An additional consideration is the reliance on AI by employees. While it is not uncommon to use ChatGPT and other online content generators to produce work product, an organization will have to consider the legal risks of using these products. While personal use of an AI product would be governed by a user license agreement, there are additional considerations and protections that would arise in a formal service agreement with the AI developer. Therefore, retailers should not only formalize how to use AI, but also have governance and formal data processing agreements in place to ensure that they have legal protection against developers that would not be available than if a lone employee were to leverage the product as a single end point user.

Further complicating the matter is that while there are not federal laws governing the use of AI in many parts of the global market, there are laws in other jurisdictions that may greatly effect or even limit the use of AI. For instance, the EU AI Act came into effect in 2024 and is the de facto global standard. Under this law, AI cannot be used unless several risk management and due diligence steps have been completed. These are designed to protect privacy and comply with the tenets of fundamental human rights. Additionally, in the absence of governing laws in certain jurisdictions, a number of advisory bodies have released guidelines on how to safely and ethically use AI, such as those published in early 2025 by the Digital Governance Council of Canada.

While it is not prohibited to use AI as a general rule of thumb, risks need to be identified, evaluated, and mitigated as much as possible prior to its deployment. Even in the absence of governing laws, it behooves a business to organically incorporate privacy and AI ethical use into its governance and enterprise risk model, which would shore up trust in the brand name.

Therefore, while the use of AI is a great innovation, it is not risk-free and it comes with its own set of challenges.

The Personal Touch

When leveraged properly, AI can undoubtedly enhance and elevate customer experience. It can create workflow efficiencies on the retailer’s end, drives engagement and marketing reach, and helps customers with decision-making. However, one must not disregard human interaction in developing brand loyalty.

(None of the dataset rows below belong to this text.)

(* Fix the quantities $P(h)$, $P(h\mid h)$, $P(h\mid\ell)$ satisfying the standing assumptions, and fix a strictly proper scoring rule $PS$. Then there exists $n_0$, depending only on these data, with the following property. For every $n\ge n_0$ and every symmetric common prior on $\{\ell,h\}^n$ whose one- and two-agent marginals are given by these quantities, the truthful profile $\Sigma^*$ is a Bayesian $k_B$-strong equilibrium. Here $$k_B^h=\begin{cases}\left\lceil \dfrac{(n-1)\,\mathbb E_{s\sim P_\ell}[PS(s,P_\ell)-PS(s,P_h)]}{P(\ell\mid\ell)\,(PS(h,P_h)-PS(\ell,P_h))}\right\rceil & \text{if } PS(h,P_h)>PS(\ell,P_h),\\ n&\text{otherwise,}\end{cases}$$ $$k_B^\ell=\begin{cases}\left\lceil \dfrac{(n-1)\,\mathbb E_{s\sim P_h}[PS(s,P_h)-PS(s,P_\ell)]}{P(h\mid h)\,(PS(\ell,P_\ell)-PS(h,P_\ell))}\right\rceil & \text{if } PS(\ell,P_\ell)>PS(h,P_\ell),\\ n&\text{otherwise,}\end{cases}$$ and $k_B=\min(k_B^h,k_B^\ell,n)$. Moreover, for every integer $k$ with $k_B<k\le n$, $\Sigma^*$ is not a Bayesian $k$-strong equilibrium.
   Context: Peer prediction setting. There are $n\ge 2$ agents $[n]$. Each agent $i$ privately observes a signal $\Psi_i\in\{\ell,h\}$ and reports $r_i\in\{\ell,h\}$. Signals are drawn from a common prior $Q$ on $\{\ell,h\}^n$ that is symmetric, i.e., invariant under permutations of the agents. $P(s)$ denotes the marginal probability that an agent has signal $s$. $P(s\mid s')$ denotes the probability that another agent $j\ne i$ has signal $s$ given that agent $i$ has signal $s'$. $P_{s'}=P(\cdot\mid s')$ is the corresponding distribution on $\{\ell,h\}$. Standing assumptions: $P(\ell),P(h)>0$, $P(h\mid h)>P(h\mid\ell)$, $P(h\mid\ell)>0$ and $P(\ell\mid h)>0$. A scoring rule $PS:\{\ell,h\}\times\Delta_{\{\ell,h\}}\to\mathbb R$ is strictly proper if $\mathbb E_{s\sim p}[PS(s,p)]>\mathbb E_{s\sim p}[PS(s,q)]$ for all distributions $p\ne q$. The mechanism gives agent $i$ the utility $v_i=\frac1{n-1}\sum_{j\ne i}PS(r_j,P_{r_i})$. A strategy is a pair $\sigma=(\beta_\ell,\beta_h)\in[0,1]^2$, where $\beta_\ell$ and $\beta_h$ are the probabilities of reporting $h$ given signal $\ell$ and signal $h$, respectively. Given signals, reports are drawn independently. The truthful strategy is $(0,1)$, and $\Sigma^*$ is the profile in which all agents play it. The interim utility $u_i(\Sigma\mid s)$ is the expectation of $v_i$ conditioned on $\Psi_i=s$. A profile $\Sigma$ is a Bayesian $k$-strong equilibrium if there is no set $D\subseteq[n]$ with $|D|\le k$ and no profile $\Sigma'$ such that: (1) agents outside $D$ keep their strategies from $\Sigma$; (2) $u_i(\Sigma'\mid s)\ge u_i(\Sigma\mid s)$ for all $i\in D$ and both $s\in\{\ell,h\}$; and (3) strict inequality holds for some $i\in D$ and some $s$. *)

From HB Require Import structures.
From mathcomp Require Import all_boot all_order all_algebra all_fingroup.
From mathcomp Require Import reals.
Set Implicit Arguments. Unset Strict Implicit. Unset Printing Implicit Defensive.
Import Order.TTheory GRing.Theory Num.Theory.
Local Open Scope ring_scope.

(* Signals / reports: [true] = h, [false] = l.
   A distribution on {l,h} is represented by its probability of h, a real in [0,1]. *)

Section PeerPrediction.
Variable R : realType.

Definition exp_score (PS : bool -> R -> R) (p q : R) : R :=
  p * PS true q + (1 - p) * PS false q.

Definition strictly_proper (PS : bool -> R -> R) : Prop :=
  forall p q : R, 0 <= p <= 1 -> 0 <= q <= 1 -> p != q ->
    exp_score PS p q < exp_score PS p p.

Variable n : nat.

Definition profile := {ffun 'I_n -> bool}.

Definition is_prior (Q : profile -> R) : Prop :=
  (forall psi, 0 <= Q psi) /\ \sum_(psi : profile) Q psi = 1.

Definition symmetric_prior (Q : profile -> R) : Prop :=
  forall (pi : 'S_n) (psi : profile), Q [ffun i => psi (pi i)] = Q psi.

Definition prQ (Q : profile -> R) (E : pred profile) : R :=
  \sum_(psi : profile | E psi) Q psi.

Definition marg_h (Q : profile -> R) (i : 'I_n) : R := prQ Q (fun psi => psi i).

Definition cond_h (Q : profile -> R) (i j : 'I_n) (s' : bool) : R :=
  prQ Q (fun psi => psi j && (psi i == s')) / prQ Q (fun psi => psi i == s').

Definition has_marginals (Q : profile -> R) (ph phh phl : R) : Prop :=
  (forall i, marg_h Q i = ph) /\
  (forall i j, i != j -> cond_h Q i j true = phh /\ cond_h Q i j false = phl).

(* A strategy is a pair (beta_l, beta_h) of probabilities of reporting h. *)
Definition strategy := (R * R)%type.
Definition valid_strategy (sg : strategy) : Prop :=
  0 <= sg.1 <= 1 /\ 0 <= sg.2 <= 1.
Definition sprofile := 'I_n -> strategy.
Definition valid_sprofile (S : sprofile) : Prop := forall i, valid_strategy (S i).

Definition truthful : strategy := (0, 1).
Definition truthful_profile : sprofile := fun _ => truthful.

Definition beta (sg : strategy) (s : bool) : R := if s then sg.2 else sg.1.

Definition report_prob (S : sprofile) (psi r : profile) : R :=
  \prod_(k : 'I_n) (if r k then beta (S k) (psi k) else 1 - beta (S k) (psi k)).

Definition Pcond (phh phl : R) (r : bool) : R := if r then phh else phl.

Definition payoff (PS : bool -> R -> R) (phh phl : R) (i : 'I_n) (r : profile) : R :=
  (n.-1)%:R^-1 * \sum_(j : 'I_n | j != i) PS (r j) (Pcond phh phl (r i)).

Definition interim (Q : profile -> R) (PS : bool -> R -> R) (phh phl : R)
    (S : sprofile) (i : 'I_n) (s : bool) : R :=
  (\sum_(psi : profile | psi i == s)
     Q psi * \sum_(r : profile) report_prob S psi r * payoff PS phh phl i r)
  / prQ Q (fun psi => psi i == s).

Definition k_strong_eq (Q : profile -> R) (PS : bool -> R -> R) (phh phl : R)
    (k : int) (S : sprofile) : Prop :=
  ~ exists (D : {set 'I_n}) (S' : sprofile),
      [/\ (#|D|%:Z <= k)%R,
          valid_sprofile S',
          (forall j, j \notin D -> S' j = S j),
          (forall i s, i \in D -> interim Q PS phh phl S i s <= interim Q PS phh phl S' i s) &
          (exists i s, i \in D /\ interim Q PS phh phl S i s < interim Q PS phh phl S' i s)].

Definition kBh (PS : bool -> R -> R) (phh phl : R) : int :=
  if PS true phh > PS false phh then
    Num.ceil ((n.-1)%:R * (exp_score PS phl phl - exp_score PS phl phh)
              / ((1 - phl) * (PS true phh - PS false phh)))
  else n%:Z.

Definition kBl (PS : bool -> R -> R) (phh phl : R) : int :=
  if PS false phl > PS true phl then
    Num.ceil ((n.-1)%:R * (exp_score PS phh phh - exp_score PS phh phl)
              / (phh * (PS false phl - PS true phl)))
  else n%:Z.

Definition kB (PS : bool -> R -> R) (phh phl : R) : int :=
  Num.min (kBh PS phh phl) (Num.min (kBl PS phh phl) n%:Z).

End PeerPrediction.

(* The interim gain of an agent over truth-telling splits into the
   strict-properness loss of its own misreports and a term
   [A * (PS h - PS l)], where [A] is the average amount by which its peers
   raise the probability of an h report.  A coalition of [d] agents moves
   [A] by at most [(d - 1) / (n - 1)] and always moves it less for an agent
   seeing h than for one seeing l.  Below [k_B] the ceilings defining [k_B]
   say exactly that this peer effect cannot pay for the properness loss:
   when the score differences at [P_h] and [P_l] have opposite signs this
   holds agent by agent, and when they have the same sign, summing the gains
   of one signal over the coalition shows that nobody misreports it, after
   which no gain is positive.  Above [k_B], a coalition of
   [ceil (...) + 1] agents who always report h (or always l) gains. *)

From HB Require Import structures.
From mathcomp Require Import all_boot all_order all_algebra all_fingroup.
From mathcomp Require Import reals.
From mathcomp Require Import zify ring lra.
Import Order.TTheory GRing.Theory Num.Theory.
Local Open Scope ring_scope.
Set Implicit Arguments. Unset Strict Implicit. Unset Printing Implicit Defensive.

Lemma prod_if2 (R : comPzSemiRingType) (I : finType) (i j : I) (U V : I -> R) :
  i != j ->
  \prod_k (if k == i then U k else if k == j then V k else 1) = U i * V j.
Proof.
move=> ij; rewrite (bigD1 i) //= eqxx (bigD1 j) /=; last by rewrite eq_sym ij.
rewrite eq_sym (negbTE ij) eqxx big1 ?mulr1 // => k /andP[ki kj].
by rewrite (negbTE ki) (negbTE kj).
Qed.

Lemma sum_indicator (R : pzSemiRingType) (T : finType) (u : T) (G : T -> R) :
  \sum_a (u == a)%:R * G a = G u.
Proof.
rewrite (bigD1 u) //= eqxx mul1r big1 ?addr0 // => a /negbTE.
by rewrite eq_sym => ->; rewrite mul0r.
Qed.

Lemma sum_prod_ffun_pair (R : comPzRingType) (I T : finType) (f : I -> T -> R)
    (g : T -> T -> R) (i j : I) :
  i != j -> (forall k, \sum_t f k t = 1) ->
  \sum_(r : {ffun I -> T}) (\prod_k f k (r k)) * g (r i) (r j) =
  \sum_a \sum_b f i a * f j b * g a b.
Proof.
move=> ij f1.
pose F a b k t := f k t *
  (if k == i then (t == a)%:R else if k == j then (t == b)%:R else 1).
have split_g (r : {ffun I -> T}) : (\prod_k f k (r k)) * g (r i) (r j) =
    \sum_a \sum_b (\prod_k F a b k (r k)) * g a b.
  have -> : g (r i) (r j) = \sum_a (r i == a)%:R * \sum_b (r j == b)%:R * g a b.
    by rewrite sum_indicator sum_indicator.
  rewrite mulr_sumr; apply: eq_bigr => a _.
  rewrite !mulr_sumr; apply: eq_bigr => b _.
  rewrite /F big_split /= (prod_if2 (fun k => (r k == a)%:R) (fun k => (r k == b)%:R)) //.
  by rewrite !mulrA.
under eq_bigr do rewrite split_g.
rewrite exchange_big /=; apply: eq_bigr => a _.
rewrite exchange_big /=; apply: eq_bigr => b _.
rewrite -mulr_suml -(bigA_distr_bigA (F a b)) /=; congr (_ * _).
rewrite -(prod_if2 (fun k => f k a) (fun k => f k b) ij).
apply: eq_bigr => k _; rewrite /F.
case: (k == i); first by under eq_bigr do rewrite mulrC eq_sym; rewrite sum_indicator.
case: (k == j); first by under eq_bigr do rewrite mulrC eq_sym; rewrite sum_indicator.
by under eq_bigr do rewrite mulr1; apply: f1.
Qed.

(* Gain of an agent who misreports with probability [z]: [D] is the
   expected-score loss of the misreported prediction, [A] the excess
   probability that a peer reports h, and [e0], [e1] the score differences
   [PS h - PS l] at the truthful and at the misreported prediction. *)
Definition misreport_gain (R : pzRingType) (D e0 e1 z A : R) : R :=
  - z * D + A * ((1 - z) * e0 + z * e1).

Section MisreportGain.

Variable R : realFieldType.

Lemma misreport_gainN (D e0 e1 z A : R) :
  misreport_gain D e0 e1 z A = misreport_gain D (- e0) (- e1) z (- A).
Proof. by rewrite /misreport_gain; ring. Qed.

Lemma misreport_gain_le0 (D e0 e1 z A : R) :
  0 <= D -> 0 <= z <= 1 -> 0 <= e0 -> 0 <= e1 -> A <= 0 ->
  misreport_gain D e0 e1 z A <= 0.
Proof.
move=> D0 /andP[z0 z1] e00 e10 A0.
have c0 : 0 <= (1 - z) * e0 + z * e1 by apply: addr_ge0; apply: mulr_ge0; lra.
have : A * ((1 - z) * e0 + z * e1) <= 0 by apply: mulr_le0_ge0.
have : 0 <= z * D by apply: mulr_ge0.
by rewrite /misreport_gain; lra.
Qed.

Lemma misreport_gain_lt0 (D e0 e1 z A U : R) :
  e0 < 0 -> 0 < e1 -> 0 <= z <= 1 -> 0 < A -> A <= U -> U * e1 < D ->
  misreport_gain D e0 e1 z A < 0.
Proof.
move=> e00 e10 /andP[z0 z1] A0 AU UD.
have AD : A * e1 - D < 0 by have := ler_wpM2r (ltW e10) AU; lra.
have Ae0 : A * e0 < 0 by rewrite pmulr_rlt0.
have h0 : (1 - z) * (A * e0) <= 0 by apply: mulr_ge0_le0; lra.
have h1 : z * (A * e1 - D) <= 0 by apply: mulr_ge0_le0; lra.
rewrite /misreport_gain; case: (ltrP 0 z) => [zpos | zle0].
  by have := pmulr_rlt0 (A * e1 - D) zpos; rewrite AD; lra.
have z0' : z = 0 by lra.
by rewrite z0'; lra.
Qed.

Lemma misreport_gain_le (D e0 e1 e z A U : R) :
  0 <= e0 <= e -> 0 <= e1 <= e -> 0 <= z <= 1 -> 0 <= U -> A <= U ->
  misreport_gain D e0 e1 z A <= U * e - z * D.
Proof.
move=> /andP[e00 e0e] /andP[e10 e1e] /andP[z0 z1] U0 AU.
have c0 : 0 <= (1 - z) * e0 + z * e1 by nra.
have c1 : (1 - z) * e0 + z * e1 <= e by nra.
suff : A * ((1 - z) * e0 + z * e1) <= U * e by rewrite /misreport_gain; lra.
case: (lerP 0 A) => A0; nra.
Qed.

End MisreportGain.

Section CoalitionSums.

Variables (R : realFieldType) (I : finType) (D : {set I}) (z : I -> R).
Hypothesis z_out : forall j, j \notin D -> z j = 0.

Lemma sum_coalition : \sum_j z j = \sum_(j in D) z j.
Proof. by rewrite (bigID (mem D)) /= [X in _ + X]big1 ?addr0. Qed.

Lemma sum_others_indicator i :
  i \in D -> \sum_(j | j != i) (j \in D)%:R = #|D|%:R - 1 :> R.
Proof.
move=> iD; have sumD : \sum_j (j \in D)%:R = #|D|%:R :> R.
  by rewrite -sumr_const [RHS]big_mkcond; apply: eq_bigr => j _; case: (j \in D).
by rewrite -sumD [X in _ = X - _](bigD1 i) //= iD addrC addrK.
Qed.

For the consumer who consciously chooses smaller retailers to shop with, the relationship that’s created between them and those small business owners will keep them going back to the shop. It’s why locals in Paris still buy their daily croissant from the local boulangerie in their arrondissement. It’s why your (or your friend’s) Asian auntie would still buy their preferred cha-siu from the local butcher they know, whose family has owned and operated that shop for decades. And it’s why some commuters grab their morning brew from the independent corner café on the way to the office rather than waiting in line at a larger corporate coffee retailer. Most consumers fit into this category or rely on small businesses like these, that do not have an elaborate or sophisticated in-house IT infrastructure to help sell them daily needs.

For the luxury consumer, an AI chatbot is not the same experience that they would have from a private shopping event or personal appointment. While a YouTube live feed is a great democratizer in granting access to shows, nothing beats sitting in the front row of Paris Fashion Week at the personal invitation of the couture house where the collections are presented for the first time. An AI algorithm may produce the guest list of potential buyers, but that client would buy the entire winter collection only from the atelier’s elegant shop in Milan or on Avenue Montaigne while the designer personally takes their measurements, and attentive staff serve champagne and canapes. And an algorithm would not ask Madame how the children are doing.

Ultimately, the retailers and brands that are able to strike a balance between leveraging AI to create efficiencies in order to enhance operational workflow while still retaining the human touch in customer interactions are the ones that will succeed, helping to drive the future of retailing.